Secondly, the Kashmir debate has been internationalized because of the purposeful endeavors of the Kashmiri individuals, the diaspora and Pakistan’s diplomatic and political assistance. Pakistan enables access to journalists from different parts of the world to visit all parts of AJK with a view to feature the unfavorable effect of the continuous Kashmir question. Contrasted with Pakistan, and as examined previously, India keeps up strict authority over visits of the media in IOK. It declines to enable the global media to visit IOK, yet offers consent to choose Indian media to cover the emergency in Kashmir.

 Truth be told, India has not countered any findings of the report and these human rights violations are not even new.

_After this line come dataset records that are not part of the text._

Ltac dstep :=
  match goal with
  | |- derivable_pt_lim (fun _ => ?c) _ _ => apply (derivable_pt_lim_const c)
  | |- derivable_pt_lim (fun u => u) _ _ => apply derivable_pt_lim_id
  | |- derivable_pt_lim (fun u => @?f u + @?g u) _ _ => apply (D_plus f g)
  | |- derivable_pt_lim (fun u => @?f u - @?g u) _ _ => apply (D_minus f g)
  | |- derivable_pt_lim (fun u => @?f u * @?g u) _ _ => apply (D_mult f g)
  | |- derivable_pt_lim (fun u => @?f u / @?g u) _ _ => apply (D_div f g)
  | |- derivable_pt_lim (fun u => - @?f u) _ _ => apply (D_opp f)
  | |- derivable_pt_lim (fun u => ln (sqrt (@?f u))) _ _ => apply (D_lnsqrt f)
  | |- derivable_pt_lim (fun u => sqrt (@?f u)) _ _ => apply (D_sqrt f)
  | |- derivable_pt_lim (fun u => ln (@?f u)) _ _ => apply (D_ln f)
  | |- derivable_pt_lim (fun u => (@?f u) ^ 2) _ _ => apply (D_sq f)
  | |- derivable_pt_lim _ _ _ => eassumption
  end.
Ltac dsolve := repeat dstep.

Ltac dside := cbv beta; try lra; try (apply pow_nonzero; lra);
  try (apply Rgt_not_eq; lra); try (apply Rlt_not_eq; lra).

Definition near (x : R) (P : R -> Prop) : Prop :=
  exists d, 0 < d /\ forall u, Rabs (u - x) < d -> P u.

Lemma near_and x (P Q : R -> Prop) : near x P -> near x Q -> near x (fun u => P u /\ Q u).
Proof.
  intros [d1 [Hd1 H1]] [d2 [Hd2 H2]]. exists (Rmin d1 d2). split; [apply Rmin_pos; auto|].
  intros u Hu. split; [apply H1 | apply H2];
    eapply Rlt_le_trans; eauto; [apply Rmin_l | apply Rmin_r].
Qed.

Lemma near_pos (f : R -> R) x l : derivable_pt_lim f x l -> 0 < f x ->
  near x (fun u => 0 < f u).
Proof.
  intros Hf Hpos.
  assert (Hc : continuity_pt f x) by (apply derivable_continuous_pt; exists l; exact Hf).
  destruct (Hc (f x) Hpos) as [d [Hd H]]. exists d; split; auto. intros u Hu.
  destruct (Req_dec u x) as [->|Hne]; auto.
  specialize (H u (conj (conj I (not_eq_sym Hne)) Hu)). simpl in H. unfold R_dist in H.
  apply Rabs_def2 in H. lra.
Qed.

Lemma near_ext (f g : R -> R) x l : near x (fun u => f u = g u) ->
  derivable_pt_lim f x l -> derivable_pt_lim g x l.
Proof.
  intros [d [Hd H]] Hf. apply (derivable_pt_lim_locally_ext f g x (x - d) (x + d)); auto.
  - lra.
  - intros z Hz. apply H. apply Rabs_def1; lra.
Qed.

Lemma sqrt_sq_abs x : sqrt (x ^ 2) = Rabs x.
Proof. rewrite <- sqrt_Rsqr_abs. unfold Rsqr; f_equal; ring. Qed.

Lemma Csqrt_parts zr zi :
  let a := fst (Csqrt (zr, zi)) in let b := snd (Csqrt (zr, zi)) in
  0 <= a /\ sqrt (zr ^ 2 + zi ^ 2) = a ^ 2 + b ^ 2 /\ zr = a ^ 2 - b ^ 2 /\ zi = 2 * a * b.
Proof.
  unfold Csqrt, Cmod; cbn [fst snd]. set (m := sqrt (zr ^ 2 + zi ^ 2)).
  assert (Hm2 : m * m = zr ^ 2 + zi ^ 2) by (apply sqrt_sqrt; nra).
  assert (Hm0 : 0 <= m) by apply sqrt_pos.
  assert (Hmz : Rabs zr <= m) by (rewrite <- sqrt_sq_abs; apply sqrt_le_1_alt; nra).
  assert (Hzr := Rle_abs zr). assert (Hzr' := Rle_abs (- zr)). rewrite Rabs_Ropp in Hzr'.
  assert (Ha2 : sqrt ((m + zr) / 2) ^ 2 = (m + zr) / 2)
    by (rewrite <- Rsqr_pow2; apply Rsqr_sqrt; lra).
  assert (Hb2 : sqrt ((m - zr) / 2) ^ 2 = (m - zr) / 2)
    by (rewrite <- Rsqr_pow2; apply Rsqr_sqrt; lra).
  assert (Hsg : (if Rlt_dec zi 0 then -1 else 1) ^ 2 = 1)
    by (destruct (Rlt_dec zi 0); simpl; ring).
  assert (Hab : sqrt ((m + zr) / 2) * sqrt ((m - zr) / 2) = Rabs zi / 2).
  { rewrite <- sqrt_mult by lra.
    replace ((m + zr) / 2 * ((m - zr) / 2)) with ((zi / 2) ^ 2) by nra.
    rewrite sqrt_sq_abs. unfold Rdiv. rewrite Rabs_mult, (Rabs_pos_eq (/ 2)); lra. }
  split; [apply sqrt_pos|].
  rewrite !Rpow_mult_distr, Hsg, Ha2, Hb2.
  split; [field|]. split; [field|].
  transitivity ((if Rlt_dec zi 0 then -1 else 1) *
                (2 * (sqrt ((m + zr) / 2) * sqrt ((m - zr) / 2)))); [|ring].
  rewrite Hab. destruct (Rlt_dec zi 0); [rewrite Rabs_left | rewrite Rabs_right]; lra.
Qed.

Lemma Csqrt_char zr zi a b : 0 < a -> zr = a ^ 2 - b ^ 2 -> zi = 2 * a * b ->
  Csqrt (zr, zi) = (a, b).
Proof.
  intros Ha Hr Hi. unfold Csqrt, Cmod; cbn [fst snd].
  replace (zr ^ 2 + zi ^ 2) with ((a ^ 2 + b ^ 2) ^ 2) by (rewrite Hr, Hi; ring).
  rewrite sqrt_sq_abs, Rabs_pos_eq by nra.
  replace ((a ^ 2 + b ^ 2 + zr) / 2) with (a ^ 2) by (rewrite Hr; field).
  replace ((a ^ 2 + b ^ 2 - zr) / 2) with (b ^ 2) by (rewrite Hr; field).
  rewrite !sqrt_sq_abs, (Rabs_pos_eq a) by lra. f_equal.
  destruct (Rlt_dec zi 0) as [Hn|Hn]; rewrite Hi in Hn.
  - rewrite Rabs_left by nra. ring.
  - rewrite Rabs_pos_eq by nra. ring.
Qed.

(* The
   imaginary part is handled through the identity Im z = 2 Re s Im s, which
   avoids any case analysis on the sign of Im z. *)
Lemma Csqrt_path_deriv (zr zi : R -> R) t dzr dzi :
  derivable_pt_lim zr t dzr -> derivable_pt_lim zi t dzi ->
  0 < fst (Csqrt (zr t, zi t)) ->
  let a := fst (Csqrt (zr t, zi t)) in let b := snd (Csqrt (zr t, zi t)) in
  derivable_pt_lim (fun u => fst (Csqrt (zr u, zi u))) t
    ((a * dzr + b * dzi) / (2 * (a ^ 2 + b ^ 2))) /\
  derivable_pt_lim (fun u => snd (Csqrt (zr u, zi u))) t
    ((a * dzi - b * dzr) / (2 * (a ^ 2 + b ^ 2))).
Proof.
  intros Hzr Hzi Ha a b. fold a in Ha.
  destruct (Csqrt_parts (zr t) (zi t)) as [_ [Hm [Hr Hi]]]; fold a b in Hm, Hr, Hi.
  assert (Hre : derivable_pt_lim (fun u => fst (Csqrt (zr u, zi u))) t
                  ((a * dzr + b * dzi) / (2 * (a ^ 2 + b ^ 2)))).
  { change (derivable_pt_lim (fun u => sqrt ((sqrt (zr u ^ 2 + zi u ^ 2) + zr u) / 2)) t
      ((a * dzr + b * dzi) / (2 * (a ^ 2 + b ^ 2)))).
    eapply D_eq; [dsolve|]; dside.
    - rewrite Hr, Hi. replace ((a ^ 2 - b ^ 2) ^ 2 + (2 * a * b) ^ 2) with ((a ^ 2 + b ^ 2) ^ 2)
        by ring. apply pow_lt. nra.
    - rewrite Hm, Hr. nra.
    - change (sqrt ((sqrt (zr t ^ 2 + zi t ^ 2) + zr t) / 2)) with a.
      rewrite Hm, Hr, Hi. field. nra. }
  split; [exact Hre|].
  apply (near_ext (fun u => zi u / (2 * fst (Csqrt (zr u, zi u))))).
  - destruct (near_pos _ _ _ Hre Ha) as [d [Hd H]]. exists d; split; auto. intros u Hu.
    specialize (H u Hu). cbv beta in H |- *.
    destruct (Csqrt_parts (zr u) (zi u)) as [_ [_ [_ Hiu]]].
    set (s := Csqrt (zr u, zi u)) in *. rewrite Hiu. field. lra.
  - eapply D_eq; [dsolve|]; dside.
    + fold a. lra.
    + fold a. rewrite Hi. field. nra.
Qed.

(* Real and imaginary parts of w = 1 - 4/nu, for nu = X + i Y. *)
Definition wre (X Y : R) : R := 1 - 4 * X / (X ^ 2 + Y ^ 2).
Definition wim (X Y : R) : R := 4 * Y / (X ^ 2 + Y ^ 2).

Definition sroot (X Y : R) : Cx := Csqrt (wre X Y, wim X Y).

Definition Fnu (X Y : R) : R :=
  ln (sqrt (X ^ 2 + Y ^ 2))
  + 2 * ln (sqrt ((1 + fst (sroot X Y)) ^ 2 + snd (sroot X Y) ^ 2))
  + / 2 * (X * (1 - fst (sroot X Y)) + Y * snd (sroot X Y)).

Lemma Reps_Fnu mu lam e eps p :
  Reps mu lam e eps p = lam / eps ^ 2 *
    (Fnu (fst (nu mu lam e p)) (snd (nu mu lam e p)) - mu * norm3 p / lam ^ 2).
Proof.
  unfold Reps, Fnu, sroot.
  destruct (nu mu lam e p) as [X Y]; cbn [fst snd].
  replace (Csub (Cofr 1) (Cmul (Cofr 4) (Cinv (X, Y)))) with (wre X Y, wim X Y)
    by (unfold Csub, Cofr, Cmul, Cinv, wre, wim; cbn [fst snd]; f_equal; unfold Rdiv; ring).
  destruct (Csqrt (wre X Y, wim X Y)) as [a b].
  unfold Cmod, Cadd, Cofr, Cre, Cmul, Csub; cbn [fst snd]. rewrite Rplus_0_l. ring.
Qed.

(* nu is recovered from s as nu = 4 / (1 - s^2). *)
Lemma nu_of_sroot X Y a b : 0 < X ^ 2 + Y ^ 2 ->
  wre X Y = a ^ 2 - b ^ 2 -> wim X Y = 2 * a * b ->
  let D := (1 - a ^ 2 + b ^ 2) ^ 2 + (2 * a * b) ^ 2 in
  0 < D /\ X = 4 * (1 - a ^ 2 + b ^ 2) / D /\ Y = 8 * a * b / D.
Proof.
  intros HN Hr Hi D. unfold wre, wim in Hr, Hi. set (N := X ^ 2 + Y ^ 2) in *.
  assert (EX : X = (1 - a ^ 2 + b ^ 2) * N / 4).
  { replace X with ((4 * X / N) * N / 4) by (field; lra). f_equal. f_equal. lra. }
  assert (EY : Y = 2 * a * b * N / 4).
  { replace Y with ((4 * Y / N) * N / 4) by (field; lra). rewrite Hi. reflexivity. }
  assert (HDN : D * N = 16).
  { apply Rmult_eq_reg_l with N; [|lra].
    transitivity (16 * (X ^ 2 + Y ^ 2)); [rewrite EX, EY; unfold D; field | fold N; ring]. }
  assert (HD : 0 < D) by nra.
  split; [exact HD|]. split.
  - rewrite EX. replace N with (16 / D) by (field_simplify_eq; lra). field. lra.
  - rewrite EY. replace N with (16 / D) by (field_simplify_eq; lra). field. lra.
Qed.

(* ds/dnu = 2 / (nu^2 s) = (1 - s^2)^2 / (8 s): the derivative of s along a
   path is [sroot_deriv s nu'] with s the current value of the root. *)
Definition sroot_deriv (s dnu : Cx) : Cx :=
  let q := Csub (Cofr 1) (Cmul s s) in
  Cmul (Cmul dnu (Cmul q q)) (Cinv (Cmul (Cofr 8) s)).

Lemma sroot_path_deriv (X Y : R -> R) t dX dY :
  derivable_pt_lim X t dX -> derivable_pt_lim Y t dY ->
  0 < X t ^ 2 + Y t ^ 2 -> 0 < fst (sroot (X t) (Y t)) ->
  derivable_pt_lim (fun u => fst (sroot (X u) (Y u))) t
    (fst (sroot_deriv (sroot (X t) (Y t)) (dX, dY))) /\
  derivable_pt_lim (fun u => snd (sroot (X u) (Y u))) t
    (snd (sroot_deriv (sroot (X t) (Y t)) (dX, dY))).
Proof.
  intros HX HY HN Ha.
  pose (N := X t ^ 2 + Y t ^ 2).
  pose (dN := 2 * X t * dX + 2 * Y t * dY).
  assert (Hwr : derivable_pt_lim (fun u => wre (X u) (Y u)) t
                  (- ((4 * dX * N - dN * (4 * X t)) / N ^ 2))).
  { unfold wre. eapply D_eq; [dsolve|]; dside. unfold dN, N. field. lra. }
  assert (Hwi : derivable_pt_lim (fun u => wim (X u) (Y u)) t
                  ((4 * dY * N - dN * (4 * Y t)) / N ^ 2)).
  { unfold wim. eapply D_eq; [dsolve|]; dside. unfold dN, N. field. lra. }
  destruct (Csqrt_path_deriv _ _ t _ _ Hwr Hwi Ha) as [Hre Him].
  assert (Hp := Csqrt_parts (wre (X t) (Y t)) (wim (X t) (Y t))).
  change (Csqrt (wre (X t) (Y t), wim (X t) (Y t))) with (sroot (X t) (Y t)) in *.
  destruct (sroot (X t) (Y t)) as [a b]; cbn [fst snd] in *.
  destruct Hp as [_ [_ [Hr Hi]]].
  destruct (nu_of_sroot _ _ _ _ HN Hr Hi) as [HD [EX EY]].
  assert (Hab : 0 < a ^ 2 + b ^ 2) by nra.
  unfold sroot_deriv, Csub, Cmul, Cinv, Cofr; cbn [fst snd].
  split; (eapply D_eq; [eassumption|]); unfold dN, N; rewrite EX, EY; field; nra.
Qed.

(* dF/dnu = (1 - s)/2: the gradient of F in real coordinates is
   ((1 - Re s)/2, Im s / 2). *)
Lemma Fnu_path_deriv (X Y : R -> R) t dX dY :
  derivable_pt_lim X t dX -> derivable_pt_lim Y t dY ->
  0 < X t ^ 2 + Y t ^ 2 -> 0 < fst (sroot (X t) (Y t)) ->
  derivable_pt_lim (fun u => Fnu (X u) (Y u)) t
    (/ 2 * ((1 - fst (sroot (X t) (Y t))) * dX + snd (sroot (X t) (Y t)) * dY)).
Proof.
  intros HX HY HN Ha.
  destruct (sroot_path_deriv X Y t dX dY HX HY HN Ha) as [Hre Him].
  assert (Hp := Csqrt_parts (wre (X t) (Y t)) (wim (X t) (Y t))).
  change (Csqrt (wre (X t) (Y t), wim (X t) (Y t))) with (sroot (X t) (Y t)) in Hp.
  unfold Fnu. eapply D_eq; [dsolve|]; dside.
  all: destruct (sroot (X t) (Y t)) as [a b]; cbn [fst snd] in *.
  - nra.
  - destruct Hp as [_ [_ [Hr Hi]]].
    destruct (nu_of_sroot _ _ _ _ HN Hr Hi) as [HD [EX EY]].
    unfold sroot_deriv, Csub, Cmul, Cinv, Cofr; cbn [fst snd].
    rewrite EX, EY. field. nra.
Qed.

Section Line.
Variables p h : R3.

Definition lpt (t : R) : R3 := add3 p (scal3 t h).

Lemma lpt_0 : lpt 0 = p.
Proof.
  unfold lpt. destruct p as [[x y] z]. unfold add3, scal3, px, py, pz; simpl.
  f_equal; [f_equal|]; ring.
Qed.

It should be specified here that Pakistan’s administration permits human rights activists to visit AJK, and converse with the disastrous casualties of the emergency, though India does not enable such visits to the IOK. Aside from Pakistan’s endeavors to extend the debate universally, the Kashmiri diaspora living in different nations is dynamic in featuring the predicament of their kin in IOK. India wouldn’t like to internationalize the issue, so it uses “terrorism” as the bogeyman to divert the attention of the international fraternity.

Read more: India continue to violate human rights in IOK

Thirdly, “India is a developing state and the standards of global governance do not apply to it,” but aspires to be part of UNSC and treated as a major power in the region. Honestly, India also uses the issue of national sovereignty selectively. The reason why India shies away from addressing these reports lies in its UNSC membership ambitions Yet, continuous orgy of violence resulting in dozen unarmed protesters and killings have proven that, by all accounts Kashmir remains the Indian state’s Achilles heel, a blot on the collective conscience of India’s democracy.

Last, but hardly the least, India’s Kashmir problem is a questions of self-determination and democracy that has regressed under Modi because of its authoritarian tendencies fused with Hindutva.

Adeel Mukhtar Mirza delivers lectures on international relations and the changing world dynamics. He has numerous published articles in the domain of International Relations. He graduated as a Strategic Studies’ scholar from National Defense University, Islamabad. The views expressed in this article are author’s own and do not necessarily reflect the editorial policy of Global Village Space.